REFUTATION OF IDEALISM.
Idealism— I mean material* idealism— is the theory which declares the
existence of objects in space without us to be either () doubtful
and indemonstrable, or (2) false and impossible. The first is the
problematical idealism of Descartes, who admits the undoubted
certainty of only one empirical assertion (assertio), to wit, I
am. The second is the dogmatical idealism of Berkeley, who
maintains that space, together with all the objects of which it is the
inseparable condition, is a thing which is in itself impossible, and
that consequently the objects in space are mere products of the
imagination. The dogmatical theory of idealism is unavoidable, if we
regard space as a property of things in themselves; for in that case
it is, with all to which it serves as condition, a nonentity. But
the foundation for this kind of idealism we have already destroyed
in the transcendental æsthetic.

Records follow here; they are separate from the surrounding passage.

(* Fix $0<\eta<1$ and constants $A_\eta,a_\eta>0$. Let $D\ge 2$, let $0<\delta\le D$, let $\kappa\in\mathbb{Z}_{\ge0}$, and put $\xi_0=\frac{2\kappa+1}{4\delta}$. Let $\Phi\in C^\infty(\mathbb{R})$ be supported in $[-D/2,D/2]$ with $\|\Phi\|_{L^2(\mathbb{R})}=1$, and assume that for all $\xi\in\mathbb{R}$ $$ |\hat\Phi(\xi)|\le \delta^{1/2}A_\eta\Big(\exp\big(-a_\eta(\delta|\xi-\xi_0|)^{1-\eta}\big)+\exp\big(-a_\eta(\delta|\xi+\xi_0|)^{1-\eta}\big)\Big). $$ Then for every $n\in\mathbb{N}$ there exist positive constants $C_n,d_n,s_n$, depending only on $n,\eta,A_\eta,a_\eta$ (and not on $D,\delta,\kappa,\Phi$), such that for all $\xi$ with $|\xi|>\xi_0$, $$ |\hat\Phi^{(n)}(\xi)|\le C_nD^{d_n}\Big(\exp\big(-s_n(\delta|\xi-\xi_0|)^{1-\eta}\big)+\exp\big(-s_n(\delta|\xi+\xi_0|)^{1-\eta}\big)\Big). $$
   Context: The Fourier transform is $\hat \Phi(\xi)=\int_{\mathbb{R}} \Phi(x)e^{-2\pi i x\xi}\,dx$, and $\hat\Phi^{(n)}$ denotes its $n$-th derivative. *)

From Stdlib Require Import Reals.
From Coquelicot Require Import Coquelicot.
Open Scope R_scope.

Definition smooth_C (f : R -> C) : Prop :=
  forall (n : nat) (x : R),
    ex_derive_n (fun t => Re (f t)) n x /\ ex_derive_n (fun t => Im (f t)) n x.

Definition expmi (theta : R) : C := (cos theta, - sin theta).

Definition fourier (f : R -> C) (xi : R) : C :=
  @RInt_gen C_R_CompleteNormedModule
    (fun x => Cmult (f x) (expmi (2 * PI * x * xi)))
    (Rbar_locally m_infty) (Rbar_locally p_infty).

Definition Derive_n_C (g : R -> C) (n : nat) (x : R) : C :=
  (Derive_n (fun t => Re (g t)) n x, Derive_n (fun t => Im (g t)) n x).

Definition L2_norm_one (f : R -> C) : Prop :=
  @is_RInt_gen R_NormedModule (fun x => (Cmod (f x)) ^ 2)
    (Rbar_locally m_infty) (Rbar_locally p_infty) 1.

(* Real power x^y for x >= 0, with the convention 0^y = 0 (y > 0);
   Stdlib's Rpower would give 0^y = 1. *)
Definition rpow (x y : R) : R :=
  match Rle_dec x 0 with left _ => 0 | right _ => Rpower x y end.

From Stdlib Require Import Reals Lra Lia.
From Coquelicot Require Import Coquelicot.
Open Scope R_scope.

Problematical idealism, which makes
no such assertion, but only alleges our incapacity to prove the
existence of anything besides ourselves by means of immediate
experience, is a theory rational and evidencing a thorough and
philosophical mode of thinking, for it observes the rule not to form a
decisive judgement before
sufficient proof be shown. The desired proof
must therefore demonstrate that we have
experience of external things,
and not mere
fancies. For this purpose, we must prove, that our
internal and, to Descartes, indubitable experience is itself
possible only under the previous assumption of external experience.
[*]
In opposition to formal or critical idealism — the theory of Kant — which denies
to us a knowledge of things as things in themselves, and maintains that we can know only
phænomena. — Tr.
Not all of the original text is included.